O resultado final dessa promoção será um maior engajamento  da população dependente da pesca, a melhoria de conhecimento sobre o Parque Municipal e a sinalização através das cooperativas referidas em outra proposta de que o fortalecimento organizativo dessa comunidade resultará em benefícios como a melhoria do seu nível de renda e de sua capacidade de intervenção social junto aos setores governamentais encarregados da execução de políticas públicas geradoras de emprego, trabalho e renda.

9 – Libertação de mais 3.000 (três mil) pássaros em cativeiro para repovoamento do Parque é a realização de campanha educativa nas escolas e junto as demais instituições dos bairros do entorno do Parque, despertando para a necessidade da soltura dos pássaros (de lá retirados) marcando-se “o dia da liberdade dos pássaros” , por um período de 90 (noventa) dias.

Com a utilização de uma equipe de 1 (um) Coordenador e 2 (dois) Monitores da Campanha Pró-repovoamento ornitológico, um dos objetivos dessa proposta é sensibilização da população do entorno para a necessidade da recomposição faunística do Parque.

Constatada, a grosso modo, que em grande parte a população de pássaros do Parque foi subtraída por agressores ambientais e/ou criadores, a proposta alcançará seu estágio maior com a restituição dos pássaros ao seu habitat natural. Como isso será feito? Através da seguinte seqüência de ações: visitação às residências de criadores mais notáveis, distribuição de panfletos solicitando o apoio de todos os moradores para essa campanha, divulgação e texto alusivo através de carro de som e, por fim, após a identificação dos criadores ilegais mais notáveis, a visitação de agentes da fiscalização seja da SEMPMA ou do IBAMA.

Paralelamente a essas atividades, após a definição do Dia da Liberdade dos Pássaros será realizado um ato público, com a participação da comunidade mais interessada e de representantes de órgãos públicos e ONG`s ambientais para a soltura de pássaros até então em cativeiros.

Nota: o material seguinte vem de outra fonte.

(* Let $X^+$ be a one-sided subshift whose natural extension $\tilde X$ is infinite and minimal. Then the eventually Markov part $\tilde X_M$ of $\tilde X$ is empty.
   Context: Let $\mathcal A$ be a finite alphabet and $\sigma$ the shift, $(\sigma x)_i=x_{i+1}$. A one-sided subshift is a nonempty closed $\sigma$-invariant $X^+\subseteq\mathcal A^{\mathbb N}$; its natural extension is $\tilde X=\{x\in\mathcal A^{\mathbb Z}: x_px_{p+1}\dots\in X^+ \text{ for all } p\in\mathbb Z\}$ with the shift. For a block $a_{-n}\dots a_0$ occurring in $\tilde X$, $\mathrm{fol}(a_{-n}\dots a_0)=\{b_0b_1\dots\in X^+:\exists b\in\tilde X \text{ with } b_{-n}\dots b_0=a_{-n}\dots a_0\}$. A point $a\in\tilde X$ is eventually Markov at time $p\in\mathbb Z$ if there is $N$ such that $\mathrm{fol}(a_{p-n}\dots a_p)=\mathrm{fol}(a_{p-N}\dots a_p)$ for all $n\ge N$. The eventually Markov part $\tilde X_M$ is the set of $a\in\tilde X$ that are eventually Markov at every time $p\in\mathbb Z$. A system is minimal if every orbit is dense. *)

From mathcomp Require Import ssreflect ssrbool fintype.
From Stdlib Require Import ZArith List.
Open Scope Z_scope.

Section Subshift.
Set Implicit Arguments.
Variable A : finType.

Definition seqN := nat -> A.
Definition seqZ := Z -> A.

Definition shiftN (x : seqN) : seqN := fun i => x (S i).

(* closedness in the product (Cantor) topology of A^N, A finite discrete:
   a sequence all of whose finite prefixes are prefixes of points of X is in X *)
Definition closedN (X : seqN -> Prop) : Prop :=
  forall y : seqN,
    (forall n : nat, exists z, X z /\ forall i : nat, (i < n)%nat -> z i = y i) ->
    X y.

Definition one_sided_subshift (X : seqN -> Prop) : Prop :=
  (exists x, X x) /\ closedN X /\ (forall x, X x -> X (shiftN x)).

Definition tail_from (x : seqZ) (p : Z) : seqN := fun i => x (p + Z.of_nat i).

Definition nat_ext (X : seqN -> Prop) (x : seqZ) : Prop :=
  forall p : Z, X (tail_from x p).

Definition shiftZ_iter (k : Z) (x : seqZ) : seqZ := fun i => x (i + k).

(* the system (nat_ext X, sigma) is minimal: every (two-sided) orbit is dense,
   density in the product topology of A^Z *)
Definition minimal_ext (X : seqN -> Prop) : Prop :=
  forall x y, nat_ext X x -> nat_ext X y ->
    forall m : nat, exists k : Z,
      forall i : Z, - Z.of_nat m <= i <= Z.of_nat m -> shiftZ_iter k x i = y i.

Definition infinite_ext (X : seqN -> Prop) : Prop :=
  ~ exists l : list seqZ, forall x, nat_ext X x -> In x l.

(* fol(a_{p-n} ... a_p) as a predicate on A^N *)
Definition fol (X : seqN -> Prop) (a : seqZ) (p : Z) (n : nat) (c : seqN) : Prop :=
  X c /\
  exists b : seqZ, nat_ext X b /\
    (forall k : nat, (k <= n)%nat -> b (- Z.of_nat k) = a (p - Z.of_nat k)) /\
    (forall i : nat, b (Z.of_nat i) = c i).

Definition eventually_Markov_at (X : seqN -> Prop) (a : seqZ) (p : Z) : Prop :=
  exists N : nat, forall n : nat, (N <= n)%nat ->
    forall c : seqN, fol X a p n c <-> fol X a p N c.

Definition eventually_Markov_part (X : seqN -> Prop) (a : seqZ) : Prop :=
  nat_ext X a /\ forall p : Z, eventually_Markov_at X a p.

End Subshift.

(* Suppose a is eventually Markov at time 0 with memory N: every future that may
   follow the block a_{-N..0} may follow the whole past of a.  By minimality
   (and compactness) the block a_{-N..0} occurs again at some time -q < 0, so
   the word W = a_{-q..-1} may be inserted in front of a_0 any number of times.
   The limit of these pumped points is the periodic point W^Z, and a minimal
   system containing a periodic point is that finite orbit. *)

From mathcomp Require Import ssreflect ssrbool fintype.
From mathcomp Require Import eqtype seq.
From Stdlib Require Import ZArith List Lia Classical FunctionalExtensionality.
From Stdlib Require Import IndefiniteDescription.
Set Implicit Arguments.
Local Open Scope Z_scope.

Definition inf_often (P : nat -> Prop) : Prop :=
  forall M : nat, exists n, (M <= n)%nat /\ P n.

Lemma inf_often_In (T : Type) (l : list T) (P : nat -> T -> Prop) :
  inf_often (fun n => exists t, In t l /\ P n t) ->
  exists t, In t l /\ inf_often (fun n => P n t).
Proof.
  induction l as [|t l IH]; intros Hinf.
  - destruct (Hinf 0%nat) as [n [_ [t [[] _]]]].
  - destruct (classic (inf_often (fun n => P n t))) as [Ht|Ht].
    + exists t; split; [left|]; auto.
    + apply not_all_ex_not in Ht as [M0 HM0].
      destruct IH as [t' [Ht' Hinf']].
      * intros M. destruct (Hinf (Nat.max M M0)) as [n [Hn [t' [[<-|Ht'] Pn]]]].
        -- exfalso. apply HM0. exists n. split; [lia|exact Pn].
        -- exists n. split; [lia|]. exists t'. auto.
      * exists t'. split; [right|]; auto.
Qed.

Lemma In_enum (T : finType) (t : T) : In t (enum {: T}).
Proof.
  have : t \in enum {: T} by rewrite mem_enum.
  elim: (enum {: T}) => [|x s IH] //=.
  rewrite seq.in_cons => /orP [/eqP ->|H]; [left|right]; auto.
Qed.

Lemma inf_often_fin (T : finType) (P : nat -> T -> Prop) :
  inf_often (fun n => exists t, P n t) -> exists t, inf_often (fun n => P n t).
Proof.
  intros Hinf. destruct (@inf_often_In _ (enum {: T}) P) as [t [_ Ht]].
  - intros M. destruct (Hinf M) as [n [Hn [t Pt]]].
    exists n. split; [exact Hn|]. exists t. split; [apply In_enum|exact Pt].
  - exists t. exact Ht.
Qed.

Definition agree {A : finType} (m : nat) (u v : seqZ A) : Prop :=
  forall i, Z.abs i < Z.of_nat m -> u i = v i.

Lemma agree_chain_limit (A : finType) (h : nat -> seqZ A) :
  (forall m, agree m (h m) (h (S m))) ->
  forall m, agree m (h m) (fun i => h (S (Z.abs_nat i)) i).
Proof.
  intros Hstep.
  have Hmono : forall j m, (j <= m)%nat -> agree j (h j) (h m).
  { intros j m Hjm. induction Hjm as [|m Hjm IH]; [intros i _; reflexivity|].
    intros i Hi. rewrite (IH i Hi). apply Hstep. lia. }
  intros m i Hi. symmetry. apply (Hmono (S (Z.abs_nat i)) m); lia.
Qed.

Section ClosedSubshift.
Variables (A : finType) (X : seqN A -> Prop).
Hypothesis HX : closedN X.

Lemma nat_ext_shift (z : seqZ A) (k : Z) : nat_ext X z -> nat_ext X (shiftZ_iter k z).
Proof.
  intros Hz p.
  replace (tail_from (shiftZ_iter k z) p) with (tail_from z (p + k)); [apply Hz|].
  apply functional_extensionality => i. unfold tail_from, shiftZ_iter. f_equal. lia.
Qed.

Lemma nat_ext_closed (y : seqZ A) :
  (forall L : nat, exists z, nat_ext X z /\ agree L z y) -> nat_ext X y.
Proof.
  intros Hy p. apply HX => n.
  destruct (Hy (Z.abs_nat p + n + 1)%nat) as [z [Hz Hzy]].
  exists (tail_from z p). split; [apply Hz|].
  intros i Hi. apply Hzy. lia.
Qed.

Section Compactness.
Variable y : nat -> seqZ A.

Definition cluster_on (m : nat) (u : seqZ A) : Prop :=
  inf_often (fun n => agree m u (y n)).

Lemma cluster_on_extend m u :
  cluster_on m u -> exists v, agree m u v /\ cluster_on (S m) v.
Proof.
  intros Hu.
  destruct (@inf_often_fin (A * A)%type
    (fun n ab => agree m u (y n) /\ ab = (y n (- Z.of_nat m), y n (Z.of_nat m))))
    as [[al be] Hab].
  { intros M. destruct (Hu M) as [n [Hn Hun]].
    exists n. split; [exact Hn|]. eexists. split; [exact Hun|reflexivity]. }
  exists (fun i => if i =? - Z.of_nat m then al else if i =? Z.of_nat m then be else u i).
  split.
  - intros i Hi. destruct (Z.eqb_spec i (- Z.of_nat m)); [lia|].
    destruct (Z.eqb_spec i (Z.of_nat m)); [lia|reflexivity].
  - intros M. destruct (Hab M) as [n [Hn [Hun Hn_ab]]].
    exists n. split; [exact Hn|]. injection Hn_ab as -> ->.
    intros i Hi. destruct (Z.eqb_spec i (- Z.of_nat m)); [subst; reflexivity|].
    destruct (Z.eqb_spec i (Z.of_nat m)); [subst; reflexivity|].
    apply Hun. lia.
Qed.

(* König's lemma: extend the window one step at a time, keeping infinitely
   many terms of y in agreement. *)
Lemma exists_cluster_point : exists z, forall m, cluster_on m z.
Proof.
  destruct (functional_choice (fun (mu : nat * seqZ A) v =>
    cluster_on (fst mu) (snd mu) -> agree (fst mu) (snd mu) v /\ cluster_on (S (fst mu)) v))
    as [step Hstep].
  { intros [m u]. destruct (classic (cluster_on m u)) as [Hu|Hu].
    - destruct (cluster_on_extend Hu) as [v Hv]. exists v. auto.
    - exists u. contradiction. }
  pose h := nat_rect (fun _ => seqZ A) (y 0%nat) (fun m u => step (m, u)).
  have Hh : forall m, cluster_on m (h m).
  { induction m as [|m IH].
    - intros M. exists M. split; [lia|]. intros i Hi. lia.
    - exact (proj2 (Hstep (m, h m) IH)). }
  have Hlim := @agree_chain_limit A h (fun m => proj1 (Hstep (m, h m) (Hh m))).
  exists (fun i => h (S (Z.abs_nat i)) i). intros m M.
  destruct (Hh m M) as [n [Hn Hmn]]. exists n. split; [exact Hn|].
  intros i Hi. rewrite -(Hlim m i Hi). exact (Hmn i Hi).
Qed.

End Compactness.

Lemma nat_ext_cluster_point (y : nat -> seqZ A) :
  (forall n, nat_ext X (y n)) ->
  exists z, nat_ext X z /\ forall m, inf_often (fun n => agree m z (y n)).
Proof.
  intros Hy. destruct (exists_cluster_point y) as [z Hz].
  exists z. split; [|exact Hz].
  apply nat_ext_closed => L. destruct (Hz L 0%nat) as [n [_ Hn]].
  exists (y n). split; [apply Hy|]. intros i Hi. symmetry. apply Hn, Hi.
Qed.

(* Recurrence: apply minimality to a cluster point of the left shifts of a. *)
Lemma minimal_ext_return_left (a : seqZ A) (N : nat) :
  minimal_ext X -> nat_ext X a ->
  exists q, 0 < q /\ forall t, (t <= N)%nat -> a (- q - Z.of_nat t) = a (- Z.of_nat t).
Proof.
  intros Hmin Ha.
  destruct (@nat_ext_cluster_point (fun n => shiftZ_iter (- Z.of_nat n) a)) as [z [Hz Hcl]].
  { intros n. apply nat_ext_shift, Ha. }
  destruct (Hmin z a Hz Ha N) as [k Hk].
  destruct (Hcl (Z.abs_nat k + N + 1)%nat (Z.abs_nat k + N + 1)%nat) as [n [Hn Hzn]].
  exists (Z.of_nat n - k). split; [lia|]. intros t Ht.
  rewrite -(Hk (- Z.of_nat t)); last lia. unfold shiftZ_iter.
  rewrite (Hzn (- Z.of_nat t + k)); last lia. unfold shiftZ_iter. f_equal. lia.
Qed.

Lemma minimal_ext_periodic_finite (R : seqZ A) (q : Z) :
  minimal_ext X -> 0 < q -> (forall i, R (i mod q) = R i) -> nat_ext X R ->
  ~ infinite_ext X.
Proof.
  intros Hmin Hq Hper HR Hinf. apply Hinf.
  exists (map (fun j => shiftZ_iter (Z.of_nat j) R) (List.seq 0 (Z.to_nat q))).
  intros x Hx.
  destruct (@inf_often_In _ (List.seq 0 (Z.to_nat q))
    (fun m j => agree m (shiftZ_iter (Z.of_nat j) R) x)) as [j [Hj Hjx]].
  { intros M. exists M. split; [lia|].
    destruct (Hmin R x HR Hx M) as [k Hk].
    have Hkq := Z.mod_pos_bound k q Hq.
    exists (Z.to_nat (k mod q)). split; [apply in_seq; lia|].
    intros i Hi. rewrite -(Hk i); last lia. unfold shiftZ_iter.
    rewrite Z2Nat.id; last lia.
    rewrite -Hper Z.add_mod_idemp_r; last lia. apply Hper. }
  apply in_map_iff. exists j. split; [|exact Hj].
  apply functional_extensionality => i.
  destruct (Hjx (S (Z.abs_nat i))) as [n [Hn Hagree]]. apply Hagree. lia.
Qed.

Section MarkovPumping.
Variables (a : seqZ A) (N : nat) (q : Z).
Hypothesis Ha : nat_ext X a.
Hypothesis HMarkov : forall n, (N <= n)%nat -> forall c, fol X a 0 n c <-> fol X a 0 N c.
Hypothesis Hq : 0 < q.
Hypothesis Hreturn : forall t, (t <= N)%nat -> a (- q - Z.of_nat t) = a (- Z.of_nat t).

(* The past a_{<0} followed by c; note that c_0 sits at time 0, in the place of a_0. *)
Definition glue (c : seqN A) : seqZ A := fun i => if i <? 0 then a i else c (Z.to_nat i).

Lemma glue_nat_ext c : fol X a 0 N c -> nat_ext X (glue c).
Proof.
  intros Hc p.
  destruct (proj2 (HMarkov (Nat.le_max_l N (Z.to_nat (- p))) c) Hc)
    as [_ [b [Hb [Hba Hbc]]]].
  replace (tail_from (glue c) p) with (tail_from b p); [apply Hb|].
  apply functional_extensionality => i. unfold tail_from, glue.
  destruct (Z.ltb_spec (p + Z.of_nat i) 0).
  - replace (p + Z.of_nat i) with (- Z.of_nat (Z.to_nat (- (p + Z.of_nat i)))) by lia.
    rewrite Hba; last lia. reflexivity.
  - rewrite -Hbc. f_equal. lia.
Qed.

Definition loop : seqZ A := fun i => a (i mod q - q).

Lemma loop_periodic i : loop (i mod q) = loop i.
Proof. unfold loop. rewrite Z.mod_mod; [reflexivity|lia]. Qed.

Lemma loop_add_mul i (k : Z) : loop (i + k * q) = loop i.
Proof. rewrite -loop_periodic Z.mod_add; last lia. apply loop_periodic. Qed.

(* a with the word a_{-q} ... a_{-1} inserted k times before a_0. *)
Definition pumped (k : nat) : seqZ A := fun i =>
  if i <? 0 then a i else if i <? Z.of_nat k * q then loop i else a (i - Z.of_nat k * q).

Lemma pumped_tail_fol k : nat_ext X (pumped k) -> fol X a 0 N (tail_from (pumped k) (- q)).
Proof.
  intros Hk. split; [apply Hk|].
  exists (shiftZ_iter (- q) (pumped k)). split; [apply nat_ext_shift, Hk|]. split.
  - intros t Ht. unfold shiftZ_iter, pumped.
    destruct (Z.ltb_spec (- Z.of_nat t + - q) 0); [|lia].
    rewrite -(Hreturn Ht). f_equal. lia.
  - intros i. unfold shiftZ_iter, tail_from. f_equal. lia.
Qed.

Lemma pumped_succ k : pumped (S k) = glue (tail_from (pumped k) (- q)).
Proof.
  apply functional_extensionality => i. unfold glue, tail_from, pumped.
  destruct (Z.ltb_spec i 0); [reflexivity|].
  rewrite Z2Nat.id; last lia.
  have Hkq : 0 <= Z.of_nat k * q by nia.
  have HSkq : Z.of_nat (S k) * q = Z.of_nat k * q + q by lia.
  rewrite HSkq.
  destruct (Z.ltb_spec (- q + i) 0).
  - destruct (Z.ltb_spec i (Z.of_nat k * q + q)); [|lia].
    unfold loop. rewrite Z.mod_small; last lia. f_equal. lia.
  - destruct (Z.ltb_spec (- q + i) (Z.of_nat k * q));
      destruct (Z.ltb_spec i (Z.of_nat k * q + q)); try lia.
    + replace (- q + i) with (i + -1 * q) by lia. symmetry. apply loop_add_mul.
    + f_equal. lia.
Qed.

Lemma pumped_nat_ext k : nat_ext X (pumped k).
Proof.
  induction k as [|k IH].
  - replace (pumped 0) with a; [exact Ha|].
    apply functional_extensionality => i. unfold pumped.
    destruct (Z.ltb_spec i 0); [reflexivity|].
    destruct (Z.ltb_spec i (Z.of_nat 0 * q)); [lia|]. f_equal. lia.
  - rewrite pumped_succ. apply glue_nat_ext, pumped_tail_fol, IH.
Qed.

Lemma loop_nat_ext : nat_ext X loop.
Proof.
  apply nat_ext_closed => L.
  exists (shiftZ_iter (Z.of_nat (S L) * q) (pumped (2 * S L))).
  split; [apply nat_ext_shift, pumped_nat_ext|].
  intros i Hi. unfold shiftZ_iter, pumped.
  destruct (Z.ltb_spec (i + Z.of_nat (S L) * q) 0); [nia|].
  destruct (Z.ltb_spec (i + Z.of_nat (S L) * q) (Z.of_nat (2 * S L) * q)); [|nia].
  apply loop_add_mul.
Qed.

End MarkovPumping.

End ClosedSubshift.

Theorem proposition5p13 (A : finType) (X : seqN A -> Prop) :
  one_sided_subshift X ->
  infinite_ext X ->
  minimal_ext X ->
  forall a : seqZ A, ~ eventually_Markov_part X a.
Proof.
  intros [_ [HX _]] Hinf Hmin a [Ha HMarkov].
  destruct (HMarkov 0) as [N HN].
  destruct (minimal_ext_return_left HX N Hmin Ha) as [q [Hq Hreturn]].
  have Hloop := loop_nat_ext HX Ha HN Hq Hreturn.
  exact (minimal_ext_periodic_finite Hmin Hq (loop_periodic a Hq) Hloop Hinf).
Qed.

10 – Instalação de 40 (quarenta) fossas sépticas na Favela da Nascença é a realização de  um mutirão para instalação de fossas sépticas na favela citada, destinadas a neutralização de despejos sanitários que demandam ao Parque, por um período de 60 (sessenta) dias.

Essa proposta se associa àquelas relacionadas a coleta de resíduos sólidos, ao fortalecimento organizacional das comunidades e a melhoria da qualidade de vida da população do entorno do Parque a medida em que fração considerável de despejos sanitários originária da Favela da Nascença (Favela Denilma Bulhões) provoca a poluição do Rio Silva e a conseqüente na produção pesqueira na lagoa porquanto aquele manancial hídrico, ex-rio classe A, deságua no Complexo Lagunar Mundaú-Manguaba.

Para execução desse mutirão, após a identificação de todos os moradores dos quarenta casebres beneficiados e de sua disponibilidade de tempo para participar do serviço, adquirido o material a ser utilizado na sua consecução, será dada a partida através de uma mobilização social festivamente motivadora

Com assessoramento técnico para consecução deste objetivo se dará através da elaboração prévia de um projeto comum para as fossas, da aquisição do material adequado e da orientação no local em que a proposta será concretizada. Como o núcleo de defesa ambiental local, já devidamente constituído, dispõe de material humano necessário para a realização do projeto, aí está um redutor de custo excluído da proposta da Programação Orçamentária por Meta. Ou seja, a mão de obra executora, não o assessoramento através dos Coordenadores Técnicos e Monitores de Obras, será gratuita.